Hong Kong Biodiversity Strategy and Action Plan: all talk and no trousers

            In December 2016, the Environment Bureau published the Hong Kong Biodiversity Strategy and Action Plan (BSAP). According to this:

Our mission is to value, conserve and restore the rich biodiversity of Hong Kong, to ensure that it is sustainably managed and wisely used, and to promote the mainstreaming of biodiversity issues and values across all sectors of the society, with social and economic aspects duly considered and balanced, so that ecosystems of Hong Kong will be resilient and will continue to provide essential services, and the precious environment that supports and enriches the life of Hong Kong people will be passed on to the future generations. 

Hong Kong Biodiversity Strategy and Action Plan

“The biodiversity of Hong Kong is impressively rich for such a small place,” notes BSAP, citing examples such as the land supporting more than 3300 species of vascular plants, 57 species of terrestrial mammals, more than 540 species of birds, 198 species of freshwater fishes, 86 species of reptiles, 24 species of amphibians, 236 species of butterflies and 123 species of dragonflies; while marine life includes over 1000 species of marine fishes, 84 species of hard corals, and 67 species of soft corals and gorgonians.
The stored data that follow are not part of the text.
(* If the root system $\Phi$ is of type $C_n$, the closures of the regions of the hyperplane arrangement $\mathcal H_\Phi$ coincide with the cones on the facets of the root polytope $\mathcal P_\Phi$.
   Context: $\Phi$ is an irreducible root system of rank $n$ in the Euclidean space $E=\operatorname{span}_{\mathbb R}\Phi$; $\mathcal P_\Phi=\operatorname{conv}(\Phi)$. $\mathcal H_\Phi$ is the central hyperplane arrangement in $E$ consisting of the linear hyperplanes $\operatorname{span}_{\mathbb R}F$ for all faces $F$ of $\mathcal P_\Phi$ of codimension 2 (i.e. of dimension $n-2$). A region of $\mathcal H_\Phi$ is a connected component of $E\setminus\bigcup_{H\in\mathcal H_\Phi}H$. The cone on a facet $F$ is $\{tx\mid t\ge0,\ x\in F\}$. *)

From HB Require Import structures.
From mathcomp Require Import all_boot all_order all_algebra.
From mathcomp Require Import all_classical all_reals topology normedtype.
Import numFieldNormedType.Exports.
Set Implicit Arguments. Unset Strict Implicit. Unset Printing Implicit Defensive.
Import Order.TTheory GRing.Theory Num.Theory.
Local Open Scope classical_set_scope.
Local Open Scope ring_scope.

Section Defs.
Variables (R : realType) (n : nat).
Local Notation V := 'rV[R]_n.

Definition evec (i : 'I_n) : V := delta_mx 0 i.

Definition dotv (x y : V) : R := \sum_(i < n) x 0 i * y 0 i.

Definition rootsC : set V :=
  [set x | (exists i : 'I_n, x = 2%:R *: evec i \/ x = - (2%:R *: evec i)) \/
           (exists (i j : 'I_n) (s1 s2 : bool), i != j /\
              x = (-1) ^+ s1 *: evec i + (-1) ^+ s2 *: evec j)].

Definition conv (S : set V) : set V :=
  [set x | exists (k : nat) (p : 'I_k -> V) (w : 'I_k -> R),
     (forall i, S (p i)) /\ (forall i, 0 <= w i) /\
     \sum_(i < k) w i = 1 /\ x = \sum_(i < k) w i *: p i].

(* F is a face of P: the intersection of P with a (weakly) supporting
   hyperplane (this includes P itself and the empty face). *)
Definition is_face (P F : set V) : Prop :=
  exists (c : V) (b : R), (forall x, P x -> dotv c x <= b) /\
    F = [set x | P x /\ dotv c x = b].

(* F is nonempty and its affine hull has dimension d *)
Definition affdim (F : set V) (d : nat) : Prop :=
  exists x0, F x0 /\ exists s : seq V, (forall y, y \in s -> F y) /\
    \dim <<[seq y - x0 | y <- s]>>%VS = d /\
    (forall x, F x -> (x - x0) \in <<[seq y - x0 | y <- s]>>%VS).

Definition lin_span (S : set V) : set V :=
  [set x | exists s : seq V, (forall y, y \in s -> S y) /\ x \in <<s>>%VS].

Definition arrangement (P : set V) : set (set V) :=
  [set H | exists F, is_face P F /\ affdim F (n - 2) /\ H = lin_span F].

Definition regions (A : set (set V)) : set (set V) :=
  [set C | exists x : V, (~` (\bigcup_(H in A) H)) x /\
     C = connected_component (~` (\bigcup_(H in A) H)) x].

Definition facets (P : set V) : set (set V) :=
  [set F | is_face P F /\ affdim F (n - 1)].

Definition cone (F : set V) : set V :=
  [set y | exists t x, 0 <= t /\ F x /\ y = t *: x].

End Defs.

From Pilot Require Import Defs.
From HB Require Import structures.
From mathcomp Require Import all_boot all_order all_algebra.
From mathcomp Require Import all_classical all_reals topology normedtype.
From mathcomp Require Import ring lra zify.
Import numFieldNormedType.Exports.
Import Order.TTheory GRing.Theory Num.Theory.
Set Implicit Arguments. Unset Strict Implicit. Unset Printing Implicit Defensive.
Local Open Scope classical_set_scope.
Local Open Scope ring_scope.

(* The root polytope of C_n is the cross-polytope {x | sum_i |x_i| <= 2}, whose
   vertices are the long roots +-2 e_i.  A linear form c attains its maximum
   2 max_i |c_i| on it exactly on the convex hull of the vertices 2 sign(c_i) e_i
   with |c_i| maximal, a face of dimension (number of such i) - 1 whose linear
   span is cut out by x_j = 0 for the other coordinates j.  Hence the
   codimension-2 faces span the coordinate hyperplanes, and the facets are the
   faces where all |c_i| are equal, whose cones are the closed orthants.  The
   complement of the coordinate hyperplanes has the open orthants as connected
   components, and their closures are again the closed orthants. *)

Section RootPolytopeC.
Variables (R : realType) (n : nat).
Local Notation V := 'rV[R]_n.
Local Notation dotv := (@dotv R n).
Local Notation evec := (@evec R n).

Lemma evecE i j : evec i 0 j = (i == j)%:R.
Proof. by rewrite /Defs.evec mxE /= eq_sym. Qed.

Lemma dotvD c x y : dotv c (x + y) = dotv c x + dotv c y.
Proof. by rewrite /Defs.dotv -big_split; apply: eq_bigr => i _; rewrite mxE mulrDr. Qed.

Lemma dotvZ c a x : dotv c (a *: x) = a * dotv c x.
Proof. by rewrite /Defs.dotv mulr_sumr; apply: eq_bigr => i _; rewrite mxE mulrCA. Qed.

Lemma dotv0 c : dotv c 0 = 0.
Proof. by rewrite -(scale0r 0) dotvZ mul0r. Qed.

Lemma dotvB c x y : dotv c (x - y) = dotv c x - dotv c y.
Proof. by rewrite dotvD -scaleN1r dotvZ mulN1r. Qed.

Lemma dotvC x y : dotv x y = dotv y x.
Proof. by apply: eq_bigr => i _; rewrite mulrC. Qed.

Lemma dotv_evecl j x : dotv (evec j) x = x 0 j.
Proof.
rewrite /Defs.dotv (bigD1 j) //= evecE eqxx mul1r big1 ?addr0 // => i.
by rewrite evecE eq_sym => /negbTE ->; rewrite mul0r.
Qed.

Lemma dotv_evecr c j : dotv c (evec j) = c 0 j.
Proof. by rewrite dotvC dotv_evecl. Qed.

Lemma span_dotv_eq0 c (X : seq V) : (forall y, y \in X -> dotv c y = 0) ->
  forall x, x \in <<X>>%VS -> dotv c x = 0.
Proof.
move=> X0 x x_span; have : x \in <<in_tuple X>>%VS by [].
move=> /coord_span ->; apply: (big_ind (fun v => dotv c v = 0)) => [|u v u0 v0|i _].
- exact: dotv0.
- by rewrite dotvD u0 v0 addr0.
- by rewrite dotvZ X0 ?mulr0 // mem_nth.
Qed.

Lemma span_coord_eq0 j (X : seq V) : (forall y, y \in X -> y 0 j = 0) ->
  forall x, x \in <<X>>%VS -> x 0 j = 0.
Proof.
move=> X0 x; rewrite -dotv_evecl; apply: span_dotv_eq0 => y.
by rewrite dotv_evecl; exact: X0.
Qed.

Section AffineDimension.
Variables (F : set V) (c : V) (b : R) (t : seq V).
Hypotheses (b_neq0 : b != 0) (F_dotv : forall x, F x -> dotv c x = b)
  (t_subF : forall y, y \in t -> F y) (F_subt : forall x, F x -> x \in <<t>>%VS).

Local Notation D u x0 := <<[seq y - x0 | y <- u]>>%VS.

Lemma dotv_diff_span u x0 : F x0 -> (forall y, y \in u -> F y) ->
  forall w, w \in D u x0 -> dotv c w = 0.
Proof.
move=> Fx0 uF; apply: span_dotv_eq0 => _ /mapP [y yu ->].
by rewrite dotvB !F_dotv ?subrr //; exact: uF.
Qed.

Lemma dim_diff_span_line u x0 : F x0 -> (forall y, y \in u -> F y) ->
  \dim (D u x0 + <[x0]>) = (\dim (D u x0)).+1.
Proof.
move=> Fx0 uF; have x0_neq0 : x0 != 0.
  by apply: contraNneq b_neq0 => x00; rewrite -(F_dotv Fx0) x00 dotv0.
rewrite dimv_disjoint_sum ?dim_vline ?x0_neq0 ?addn1 //.
apply/eqP; rewrite -subv0; apply/subvP => w.
rewrite memv_cap memv0 => /andP [/(dotv_diff_span Fx0 uF) + /vlineP [a wE]].
rewrite wE dotvZ F_dotv // => /eqP; rewrite mulf_eq0 (negbTE b_neq0) orbF.
by move=> /eqP ->; rewrite scale0r.
Qed.

Lemma diff_span_line_sub u x0 : F x0 -> (forall y, y \in u -> F y) ->
  (D u x0 + <[x0]> <= <<t>>)%VS.
Proof.
move=> Fx0 uF; rewrite subv_add -memvE F_subt // andbT.
by apply/span_subvP => _ /mapP [y yu ->]; apply: memvB; apply: F_subt => //; exact: uF.
Qed.

Lemma span_sub_diff_span_line u x0 : (forall x, F x -> x - x0 \in D u x0) ->
  (<<t>> <= D u x0 + <[x0]>)%VS.
Proof.
move=> Fu; apply/span_subvP => y yt; rewrite -(subrK x0 y).
by apply: memv_add; [exact/Fu/t_subF | exact: memv_line].
Qed.

Lemma span_eq_diff_span_line x0 : F x0 -> <<t>>%VS = (D t x0 + <[x0]>)%VS.
Proof.
move=> Fx0; apply/subv_anti; rewrite diff_span_line_sub // andbT.
apply/span_subvP => y yt; rewrite -(subrK x0 y).
by apply: memv_add; [exact/memv_span/map_f | exact: memv_line].
Qed.

Lemma sub_mem_diff_span x0 x : F x0 -> F x -> x - x0 \in D t x0.
Proof.
move=> Fx0 Fx; move: (F_subt Fx); rewrite (span_eq_diff_span_line Fx0).
move=> /memv_addP [u uD [_ /vlineP [a ->] xE]].
have := F_dotv Fx; rewrite xE dotvD (dotv_diff_span Fx0 t_subF uD) add0r.
rewrite dotvZ F_dotv // => /(congr1 (fun r => r / b)); rewrite divff // mulfK //.
by move=> ->; rewrite scale1r addrK.
Qed.

(* Since the hyperplane [dotv c x = b] misses the origin, the line through a point
   of [F] meets the direction space of [F] trivially, so the linear span of [F]
   has one dimension more than its affine hull. *)
Lemma affdimE x0 d : F x0 -> affdim F d <-> \dim <<t>> = d.+1.
Proof.
move=> Fx0; split.
  move=> [y0 [Fy0 [s [sF [<- Fs]]]]]; rewrite -(dim_diff_span_line Fy0 sF).
  by congr (\dim _); apply/subv_anti; rewrite diff_span_line_sub // span_sub_diff_span_line.
rewrite (span_eq_diff_span_line Fx0) dim_diff_span_line // => -[dimD].
exists x0; split => //; exists t; split => //; split => // x Fx.
exact: sub_mem_diff_span.
Qed.

End AffineDimension.

Definition orthant (c : V) := [set y : V | forall i, 0 <= c 0 i * y 0 i].
Definition open_orthant (c : V) := [set y : V | forall i, 0 < c 0 i * y 0 i].
Definition coord_nonzero := [set y : V | forall i, y 0 i != 0].

Lemma open_orthant_self x : coord_nonzero x -> open_orthant x x.
Proof. by move=> x_neq0 i; rewrite -expr2 exprn_even_gt0 ?x_neq0 ?orbT. Qed.

Lemma continuous_coord_mul (c : V) i : continuous (fun y : V => c 0 i * y 0 i).
Proof.
move=> y.
exact: (continuous_comp (@coord_continuous R 1 n 0 i y) (@mulrl_continuous R (c 0 i) _)).
Qed.

Lemma continuous_line (y x : V) : continuous (fun t : R => y + t *: x).
Proof. by move=> t; apply: cvgD; [exact: cvg_cst | exact: cvgZ cvg_id (cvg_cst _)]. Qed.

Lemma open_open_orthant c : open (open_orthant c).
Proof.
rewrite openE => y cy; rewrite /interior.
have cy_nbhs i : nbhs y ((fun z : V => c 0 i * z 0 i) @^-1` [set r | 0 < r]).
  apply: open_nbhs_nbhs; split; last exact: cy.
  by apply: open_comp => [z _|]; [exact: continuous_coord_mul | exact: open_gt].
exact: filterS (filter_forall _ cy_nbhs).
Qed.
                  Impressive though such tallies are, problems remain, and improvements can be made; BSAP has sadly proven to be far more plan than any actual action.

Perhaps if scientists and even citizen scientists [who might work in other fields] held more sway, Hong Kong’s plants and animals could further flourish with better protection, in turn delivering a wealth of ecosystem services – not least of which is the sheer joy of watching wildlife.